Sunglasses

I can remember a conversation I had with my friend on the playground at primary school about the power of eyes. She said confidently that eyes were the key to people's souls, which is why you should never look a stranger straight in the eye because then they would know what you were thinking and feeling and would subsequently attack you. Now I am well aware that this conversation was accompanied with a heavy dose of ignorance, stranger-danger and an obsession with telling each other scary stories, so I can say with absolutely certainty that I don't believe that eyes are the keys to people souls. I do, however, believe that our eyes reveal a lot about ourselves. They have different outfits for exhaustion, fear, love, sadness, sometimes they clothe themselves in tear juice and other times they sparkle with health and happiness. I love eyes, they are my favourite feature to draw and they are often, in my opinion, the crowning glory of a person's face.

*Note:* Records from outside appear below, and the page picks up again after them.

(* A uniformly C^3 defining function forces h'' to be Lipschitz:
   with A, B the partials of rho along the graph, rho(t, h t) = 0 gives
   A + B h' = 0, the gradient bound gives B^2 >= beta > 0, and then
   h'' = -(A' + B' h') / B is C^1-bounded. *)
Lemma uniform_C3_second_derivative_lipschitz U rho :
  uniform_defining_fun 3 Om U rho ->
  exists K, forall a b, Rabs (h2 a - h2 b) <= K * Rabs (a - b).
Proof.
  intros [[HUo [Hbd [_ [Hneg _]]]] [_ [HC [c [Hc Hgrad]]]]].
  assert (HG : forall t, U (t, h t))
    by (intro t; apply Hbd, (subgraph_boundary h h_continuity_pt Om Om_iff); reflexivity).
  destruct HC as [Hcr [_ [fx [fy [Hp [Cfx Cfy]]]]]].
  pose proof (CmB_pred _ _ _ _ Cfx) as Cfx1. pose proof (CmB_pred _ _ _ _ Cfy) as Cfy1.
  destruct Cfx as [Hcfx [_ [fxx [fxy [Hpx [Cfxx Cfxy]]]]]].
  destruct Cfy as [_ [_ [fyx [fyy [Hpy [Cfyx Cfyy]]]]]].
  set (A := fun t => fx (t, h t)). set (B := fun t => fy (t, h t)).
  set (A' := fun t => fxx (t, h t) + fxy (t, h t) * h1 t).
  set (B' := fun t => fyx (t, h t) + fyy (t, h t) * h1 t).
  assert (HdA : forall t, is_derive A t (A' t))
    by (intro t; apply (graph_trace_derive U fx fxx fxy t); auto; apply Cfxx).
  assert (HdB : forall t, is_derive B t (B' t))
    by (intro t; apply (graph_trace_derive U fy fyx fyy t); auto; apply Cfyx).
  assert (Hslope : forall t, A t + B t * h1 t = 0)
    by (apply (graph_trace_slope U rho); auto; intro; apply (defining_fun_zero_on_graph U); auto).
  set (beta := c ^ 2 / (1 + M ^ 2)).
  assert (Hbeta : 0 < beta) by (unfold beta; apply Rdiv_lt_0_compat; nra).
  assert (Hlow : forall t, beta <= B t ^ 2).
  { intro t. destruct (Hp _ (HG t)) as [Px Py].
    apply (normal_component_lower_bound (A t) (B t) (h1 t)); [| apply (Hgrad (t, h t)) | |]; auto. }
  assert (HBnz : forall t, B t <> 0)
    by (intros t E; specialize (Hlow t); rewrite E in Hlow; simpl in Hlow; lra).
  assert (Hh1 : C1_bounded h1) by (exists h2, M; auto).
  assert (Htr : forall F, CmB true 1 U F -> C1_bounded (fun t => F (t, h t)))
    by (intros; apply (graph_trace_C1_bounded U); auto).
  assert (HB : C1_bounded B) by (apply Htr, Cfy1).
  assert (HA' : C1_bounded A')
    by (unfold A'; apply C1_bounded_plus; [| apply C1_bounded_mult]; auto).
  assert (HB' : C1_bounded B')
    by (unfold B'; apply C1_bounded_plus; [| apply C1_bounded_mult]; auto).
  assert (Hquot : C1_bounded (fun t => - (A' t + B' t * h1 t) * / B t)).
  { replace (fun t => - (A' t + B' t * h1 t) * / B t)
      with (fun t => -1 * (A' t + B' t * h1 t) * / B t)
      by (apply functional_extensionality; intro; ring).
    apply C1_bounded_mult; [| apply (C1_bounded_inv B beta); auto].
    apply C1_bounded_mult; [apply C1_bounded_const |].
    apply C1_bounded_plus; [| apply C1_bounded_mult]; auto. }
  destruct Hquot as [E' [K [HdE [_ HbE]]]]. exists K. intros a b.
  rewrite (derive_of_implicit_slope A B h1 A' B' h2 a),
    (derive_of_implicit_slope A B h1 A' B' h2 b) by auto.
  apply (lipschitz_of_derive_bound (fun t => - (A' t + B' t * h1 t) * / B t) E'); auto.
Qed.

End NoUniformC3.

(* The profile g(x) = sin(x^2)/x^2, extended by g(0) = 1, written as the
   power series of sin(u)/u evaluated at u^2 = x^4. *)
Definition g (x : R) : R := PSeries sin_n (x ^ 4).
Definition g1 : R -> R := Derive g.
Definition g2 : R -> R := Derive g1.

Lemma CV_radius_sin_n : CV_radius sin_n = p_infty.
Proof.
  apply CV_radius_infinite_DAlembert; [apply sin_no_R0 |].
  apply is_lim_seq_Reals. apply Alembert_sin.
Qed.

Lemma smooth_g : smooth g.
Proof.
  intro n. apply (derivable_n_times_comp n (PSeries sin_n) (fun x => x * (x * (x * (x * 1))))).
  - apply smooth_PSeries, CV_radius_sin_n.
  - repeat apply derivable_n_times_mult;
      first [apply derivable_n_times_id | apply derivable_n_times_const].
Qed.

Lemma g_0 : g 0 = 1.
Proof.
  unfold g. replace (0 ^ 4) with 0 by ring. rewrite PSeries_0. unfold sin_n. simpl. lra.
Qed.

Lemma g_nonzero x : x <> 0 -> g x = sin (x ^ 2) / x ^ 2.
Proof.
  intro Hx. unfold sin. destruct (exist_sin (Rsqr (x ^ 2))) as [l Hl].
  replace (g x) with l; [field; auto |].
  unfold g, PSeries. replace (x ^ 4) with (Rsqr (x ^ 2)) by (unfold Rsqr; ring).
  symmetry. apply is_series_unique, is_series_Reals. exact Hl.
Qed.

For most of my life I have been addicted to sunglasses. Even as a toddler I would wear them constantly. My friends will tell you that I am rarely without my aviators and I will wear sunglasses for as long as it is acceptable (late spring to early autumn) I LOVE THEM. I love them because they instantly up my cool factor, they hide my naked, make-up-less eyes, they allow me to indulge in people watching without drawing attention to myself and they often save me from conversations I really don't want to have. In the past few weeks my sunglasses have done more than improve my appearance, they have hidden my tears and my bloodshot eyes. Two days after Annie's death I was drinking coffee in my favourite coffee house, Santa Fe and I suddenly burst into tears, everyone immediately started staring at me and I was able to whip out my glasses, shove them on my face and hurry out the door. I walked past many people on the way home and, thanks to my sunglasses, not one of them noticed my pain.

On the morning of Annie's funeral I met Laura in Starbucks. I love Laura for her brutal honesty, she is always ready to listen and to slap me in to shape. That morning she challenged me to remove my metaphorical sunglasses and to be real about my emotions. She reminded me that there is no fast-track card out of grief, that it's a long, painful process and your condition only improves if you make a visit at every stop along the way. Last night I couldn't sleep, so I read through my journal. I was reminded of my conversation with Laura and was convicted about hiding my tears on the way to work that morning with my sunglasses. The truth is I am frightened of showing people my eyes, because it makes me feel naked and vulnerable. I don't want people to see me cry, I don't want to be seen as someone who wallows in their misery, I want to appear happy and together.

But I'm not. Tonight as I write this, I feel completely alone. There is no potential somebody, I have no feelings for anybody, Annie is no longer here and Laura is miles and miles away. There is no one whose image in my daydreams brings comfort and hope. There is just me and my passions tossing and turning in the darkness. Tonight I cling white-kuncked to the only three things that remain once everything has been stripped away: FAITH, LOVE AND HOPE. Faith in an eternal, loving, omnipresent God, love for my friends, family, life and hope for my future. Even though I sit typing this is the cosy solitude of my bedroom, my edges sanded down with my raw emotions so that I am now a circle trying to feel at home in a square, I know that I'm going to be okay. Sometimes I just need to remove the sunglasses and be honest with myself and the people around me.